**WHAT TO WORK ON:**
Which lines run from the line with "Lemma inner_prodZr a" through the line with "move=> u; apply: continuous_comp;" in the entries below? Print them exactly, both ends included, and nothing more.
--- THE DATA ---
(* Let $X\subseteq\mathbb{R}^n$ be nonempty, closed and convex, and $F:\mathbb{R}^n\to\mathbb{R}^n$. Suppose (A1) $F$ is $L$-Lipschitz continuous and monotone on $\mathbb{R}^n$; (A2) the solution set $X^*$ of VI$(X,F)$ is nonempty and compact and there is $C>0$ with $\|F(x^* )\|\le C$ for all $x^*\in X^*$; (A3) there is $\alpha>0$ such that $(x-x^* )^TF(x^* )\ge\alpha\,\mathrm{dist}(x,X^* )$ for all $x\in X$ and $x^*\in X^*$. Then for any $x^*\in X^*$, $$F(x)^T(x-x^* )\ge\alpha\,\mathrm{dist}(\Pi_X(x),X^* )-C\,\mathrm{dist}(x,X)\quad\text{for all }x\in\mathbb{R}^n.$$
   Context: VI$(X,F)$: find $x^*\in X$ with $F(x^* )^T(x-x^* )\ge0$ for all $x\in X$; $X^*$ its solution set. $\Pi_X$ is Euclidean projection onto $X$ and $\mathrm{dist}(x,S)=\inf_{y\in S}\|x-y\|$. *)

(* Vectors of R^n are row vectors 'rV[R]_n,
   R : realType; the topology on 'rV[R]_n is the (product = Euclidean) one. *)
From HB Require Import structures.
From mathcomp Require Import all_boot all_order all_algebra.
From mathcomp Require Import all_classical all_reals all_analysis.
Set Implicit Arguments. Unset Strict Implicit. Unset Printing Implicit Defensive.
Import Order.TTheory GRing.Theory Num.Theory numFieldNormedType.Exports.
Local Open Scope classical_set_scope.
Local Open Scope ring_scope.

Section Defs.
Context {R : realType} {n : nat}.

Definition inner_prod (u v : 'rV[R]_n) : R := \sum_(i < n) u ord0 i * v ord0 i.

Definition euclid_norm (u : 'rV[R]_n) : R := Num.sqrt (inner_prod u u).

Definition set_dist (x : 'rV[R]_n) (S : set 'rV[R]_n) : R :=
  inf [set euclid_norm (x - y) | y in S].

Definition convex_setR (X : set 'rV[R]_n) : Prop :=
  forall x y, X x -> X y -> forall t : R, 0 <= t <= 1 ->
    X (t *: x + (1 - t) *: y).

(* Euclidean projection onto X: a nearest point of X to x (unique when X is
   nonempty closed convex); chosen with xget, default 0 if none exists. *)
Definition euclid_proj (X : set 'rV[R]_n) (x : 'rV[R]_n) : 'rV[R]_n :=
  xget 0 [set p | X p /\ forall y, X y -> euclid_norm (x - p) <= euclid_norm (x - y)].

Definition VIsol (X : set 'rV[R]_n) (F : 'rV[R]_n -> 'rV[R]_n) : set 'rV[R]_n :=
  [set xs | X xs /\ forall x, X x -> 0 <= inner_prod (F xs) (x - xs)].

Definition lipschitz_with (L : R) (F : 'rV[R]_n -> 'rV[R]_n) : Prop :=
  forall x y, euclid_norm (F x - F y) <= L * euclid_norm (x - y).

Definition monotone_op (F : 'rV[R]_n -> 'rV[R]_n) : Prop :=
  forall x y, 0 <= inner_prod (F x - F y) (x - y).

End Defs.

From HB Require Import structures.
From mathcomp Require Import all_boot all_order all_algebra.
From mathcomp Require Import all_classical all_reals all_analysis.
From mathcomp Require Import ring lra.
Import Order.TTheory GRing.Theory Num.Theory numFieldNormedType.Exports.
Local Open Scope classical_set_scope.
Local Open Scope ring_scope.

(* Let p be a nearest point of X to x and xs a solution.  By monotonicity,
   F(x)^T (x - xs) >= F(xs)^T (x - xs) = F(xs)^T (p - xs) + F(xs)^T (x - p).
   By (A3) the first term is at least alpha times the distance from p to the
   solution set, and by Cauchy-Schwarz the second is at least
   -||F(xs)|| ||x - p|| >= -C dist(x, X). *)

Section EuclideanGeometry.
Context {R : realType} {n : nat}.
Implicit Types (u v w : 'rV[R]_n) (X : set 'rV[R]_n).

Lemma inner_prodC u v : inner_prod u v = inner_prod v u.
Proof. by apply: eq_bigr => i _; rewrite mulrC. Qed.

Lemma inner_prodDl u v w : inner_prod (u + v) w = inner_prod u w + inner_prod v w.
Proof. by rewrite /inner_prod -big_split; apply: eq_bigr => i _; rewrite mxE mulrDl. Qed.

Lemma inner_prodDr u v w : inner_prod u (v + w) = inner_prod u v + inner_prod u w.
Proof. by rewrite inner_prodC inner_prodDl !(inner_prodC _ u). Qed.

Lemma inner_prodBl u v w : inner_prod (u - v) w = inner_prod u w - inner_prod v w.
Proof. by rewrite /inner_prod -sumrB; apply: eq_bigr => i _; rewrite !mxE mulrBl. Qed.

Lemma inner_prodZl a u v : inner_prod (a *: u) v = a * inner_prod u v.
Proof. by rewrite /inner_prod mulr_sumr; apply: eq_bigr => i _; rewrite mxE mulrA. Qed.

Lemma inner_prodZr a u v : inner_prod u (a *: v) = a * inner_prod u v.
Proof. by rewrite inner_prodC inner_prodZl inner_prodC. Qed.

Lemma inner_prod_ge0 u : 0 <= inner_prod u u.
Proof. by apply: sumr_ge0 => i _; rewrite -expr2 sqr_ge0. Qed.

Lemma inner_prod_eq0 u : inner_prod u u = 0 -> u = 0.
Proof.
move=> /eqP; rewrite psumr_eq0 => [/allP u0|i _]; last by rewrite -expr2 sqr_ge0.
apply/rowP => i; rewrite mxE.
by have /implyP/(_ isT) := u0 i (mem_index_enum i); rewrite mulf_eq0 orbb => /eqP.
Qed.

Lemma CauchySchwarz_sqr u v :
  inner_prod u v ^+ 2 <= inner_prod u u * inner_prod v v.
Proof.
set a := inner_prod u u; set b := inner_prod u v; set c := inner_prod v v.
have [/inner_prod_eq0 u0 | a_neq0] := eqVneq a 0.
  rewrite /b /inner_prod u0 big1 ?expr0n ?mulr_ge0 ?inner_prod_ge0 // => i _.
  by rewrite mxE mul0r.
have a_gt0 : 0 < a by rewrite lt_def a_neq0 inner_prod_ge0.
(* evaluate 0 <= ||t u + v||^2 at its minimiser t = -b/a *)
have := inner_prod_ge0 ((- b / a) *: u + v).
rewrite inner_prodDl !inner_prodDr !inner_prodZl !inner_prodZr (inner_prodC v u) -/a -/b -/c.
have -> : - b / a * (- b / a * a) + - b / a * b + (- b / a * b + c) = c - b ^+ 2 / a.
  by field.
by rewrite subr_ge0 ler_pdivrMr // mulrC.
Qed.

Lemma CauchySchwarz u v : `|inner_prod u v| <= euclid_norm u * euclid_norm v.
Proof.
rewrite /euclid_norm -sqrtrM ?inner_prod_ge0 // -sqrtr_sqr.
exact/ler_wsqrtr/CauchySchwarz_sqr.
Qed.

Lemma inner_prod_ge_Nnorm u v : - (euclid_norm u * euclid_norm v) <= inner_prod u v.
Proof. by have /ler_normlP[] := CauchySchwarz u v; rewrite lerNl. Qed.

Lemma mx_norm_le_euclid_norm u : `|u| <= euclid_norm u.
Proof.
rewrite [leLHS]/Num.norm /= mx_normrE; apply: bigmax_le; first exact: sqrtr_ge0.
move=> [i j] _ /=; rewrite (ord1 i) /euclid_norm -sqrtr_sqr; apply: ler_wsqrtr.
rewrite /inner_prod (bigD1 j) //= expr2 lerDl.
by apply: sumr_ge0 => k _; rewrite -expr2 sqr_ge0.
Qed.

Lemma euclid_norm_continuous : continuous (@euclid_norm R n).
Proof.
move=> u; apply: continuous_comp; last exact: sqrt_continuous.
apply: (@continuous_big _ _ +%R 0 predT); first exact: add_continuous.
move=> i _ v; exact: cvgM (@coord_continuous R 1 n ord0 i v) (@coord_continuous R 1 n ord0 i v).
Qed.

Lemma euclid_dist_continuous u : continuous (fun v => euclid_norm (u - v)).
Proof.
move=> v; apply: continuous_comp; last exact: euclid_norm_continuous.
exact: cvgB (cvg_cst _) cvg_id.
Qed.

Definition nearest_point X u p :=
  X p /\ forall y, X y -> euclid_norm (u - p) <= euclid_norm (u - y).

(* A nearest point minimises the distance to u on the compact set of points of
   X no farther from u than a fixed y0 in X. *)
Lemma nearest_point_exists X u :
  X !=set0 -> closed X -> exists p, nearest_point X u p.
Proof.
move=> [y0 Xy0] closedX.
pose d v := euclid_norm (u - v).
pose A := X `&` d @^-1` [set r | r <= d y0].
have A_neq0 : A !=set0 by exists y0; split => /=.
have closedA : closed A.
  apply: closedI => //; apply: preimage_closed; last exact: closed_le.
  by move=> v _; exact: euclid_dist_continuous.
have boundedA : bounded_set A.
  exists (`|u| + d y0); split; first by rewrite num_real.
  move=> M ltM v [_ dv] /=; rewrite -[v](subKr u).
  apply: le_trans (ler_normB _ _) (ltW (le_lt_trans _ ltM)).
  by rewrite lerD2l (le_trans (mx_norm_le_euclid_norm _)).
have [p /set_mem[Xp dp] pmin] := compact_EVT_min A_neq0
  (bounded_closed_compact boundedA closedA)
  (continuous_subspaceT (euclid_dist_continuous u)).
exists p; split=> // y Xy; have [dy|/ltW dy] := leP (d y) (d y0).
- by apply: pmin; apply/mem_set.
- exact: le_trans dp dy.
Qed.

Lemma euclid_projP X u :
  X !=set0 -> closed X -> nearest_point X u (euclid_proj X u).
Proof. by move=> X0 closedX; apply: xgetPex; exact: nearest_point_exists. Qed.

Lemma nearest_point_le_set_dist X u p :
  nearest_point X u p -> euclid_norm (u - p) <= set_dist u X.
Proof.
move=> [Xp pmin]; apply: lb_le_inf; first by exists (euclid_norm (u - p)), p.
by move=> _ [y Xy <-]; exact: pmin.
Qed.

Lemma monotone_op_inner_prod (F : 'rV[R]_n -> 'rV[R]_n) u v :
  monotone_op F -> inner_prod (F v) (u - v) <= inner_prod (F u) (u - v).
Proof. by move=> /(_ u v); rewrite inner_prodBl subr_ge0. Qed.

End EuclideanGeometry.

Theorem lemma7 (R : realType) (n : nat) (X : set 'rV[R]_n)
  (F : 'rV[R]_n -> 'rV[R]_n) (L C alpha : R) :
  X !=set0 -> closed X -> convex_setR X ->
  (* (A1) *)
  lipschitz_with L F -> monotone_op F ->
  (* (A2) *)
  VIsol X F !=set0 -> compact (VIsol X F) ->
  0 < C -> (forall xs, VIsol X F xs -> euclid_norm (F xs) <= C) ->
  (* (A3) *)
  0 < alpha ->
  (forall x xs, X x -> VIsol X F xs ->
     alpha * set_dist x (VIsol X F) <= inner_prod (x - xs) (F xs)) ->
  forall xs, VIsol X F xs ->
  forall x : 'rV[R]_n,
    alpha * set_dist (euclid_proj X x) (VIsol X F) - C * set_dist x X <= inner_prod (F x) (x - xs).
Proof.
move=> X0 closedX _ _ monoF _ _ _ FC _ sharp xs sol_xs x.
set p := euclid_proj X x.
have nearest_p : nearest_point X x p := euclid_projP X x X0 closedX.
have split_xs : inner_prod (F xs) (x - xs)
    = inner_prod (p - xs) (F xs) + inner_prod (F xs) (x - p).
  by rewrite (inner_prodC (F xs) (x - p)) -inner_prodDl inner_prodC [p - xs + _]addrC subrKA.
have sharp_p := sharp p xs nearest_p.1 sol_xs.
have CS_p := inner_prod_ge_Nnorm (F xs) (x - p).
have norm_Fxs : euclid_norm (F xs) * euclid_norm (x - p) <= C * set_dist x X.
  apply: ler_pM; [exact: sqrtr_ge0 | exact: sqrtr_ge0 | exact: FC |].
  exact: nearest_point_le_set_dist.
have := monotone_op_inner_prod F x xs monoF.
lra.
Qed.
---
**RESPONSE:**
Lemma inner_prodZr a u v : inner_prod u (a *: v) = a * inner_prod u v.
Proof. by rewrite inner_prodC inner_prodZl inner_prodC. Qed.

Lemma inner_prod_ge0 u : 0 <= inner_prod u u.
Proof. by apply: sumr_ge0 => i _; rewrite -expr2 sqr_ge0. Qed.

Lemma inner_prod_eq0 u : inner_prod u u = 0 -> u = 0.
Proof.
move=> /eqP; rewrite psumr_eq0 => [/allP u0|i _]; last by rewrite -expr2 sqr_ge0.
apply/rowP => i; rewrite mxE.
by have /implyP/(_ isT) := u0 i (mem_index_enum i); rewrite mulf_eq0 orbb => /eqP.
Qed.

Lemma CauchySchwarz_sqr u v :
  inner_prod u v ^+ 2 <= inner_prod u u * inner_prod v v.
Proof.
set a := inner_prod u u; set b := inner_prod u v; set c := inner_prod v v.
have [/inner_prod_eq0 u0 | a_neq0] := eqVneq a 0.
  rewrite /b /inner_prod u0 big1 ?expr0n ?mulr_ge0 ?inner_prod_ge0 // => i _.
  by rewrite mxE mul0r.
have a_gt0 : 0 < a by rewrite lt_def a_neq0 inner_prod_ge0.
(* evaluate 0 <= ||t u + v||^2 at its minimiser t = -b/a *)
have := inner_prod_ge0 ((- b / a) *: u + v).
rewrite inner_prodDl !inner_prodDr !inner_prodZl !inner_prodZr (inner_prodC v u) -/a -/b -/c.
have -> : - b / a * (- b / a * a) + - b / a * b + (- b / a * b + c) = c - b ^+ 2 / a.
  by field.
by rewrite subr_ge0 ler_pdivrMr // mulrC.
Qed.

Lemma CauchySchwarz u v : `|inner_prod u v| <= euclid_norm u * euclid_norm v.
Proof.
rewrite /euclid_norm -sqrtrM ?inner_prod_ge0 // -sqrtr_sqr.
exact/ler_wsqrtr/CauchySchwarz_sqr.
Qed.

Lemma inner_prod_ge_Nnorm u v : - (euclid_norm u * euclid_norm v) <= inner_prod u v.
Proof. by have /ler_normlP[] := CauchySchwarz u v; rewrite lerNl. Qed.

Lemma mx_norm_le_euclid_norm u : `|u| <= euclid_norm u.
Proof.
rewrite [leLHS]/Num.norm /= mx_normrE; apply: bigmax_le; first exact: sqrtr_ge0.
move=> [i j] _ /=; rewrite (ord1 i) /euclid_norm -sqrtr_sqr; apply: ler_wsqrtr.
rewrite /inner_prod (bigD1 j) //= expr2 lerDl.
by apply: sumr_ge0 => k _; rewrite -expr2 sqr_ge0.
Qed.

Lemma euclid_norm_continuous : continuous (@euclid_norm R n).
Proof.
move=> u; apply: continuous_comp; last exact: sqrt_continuous.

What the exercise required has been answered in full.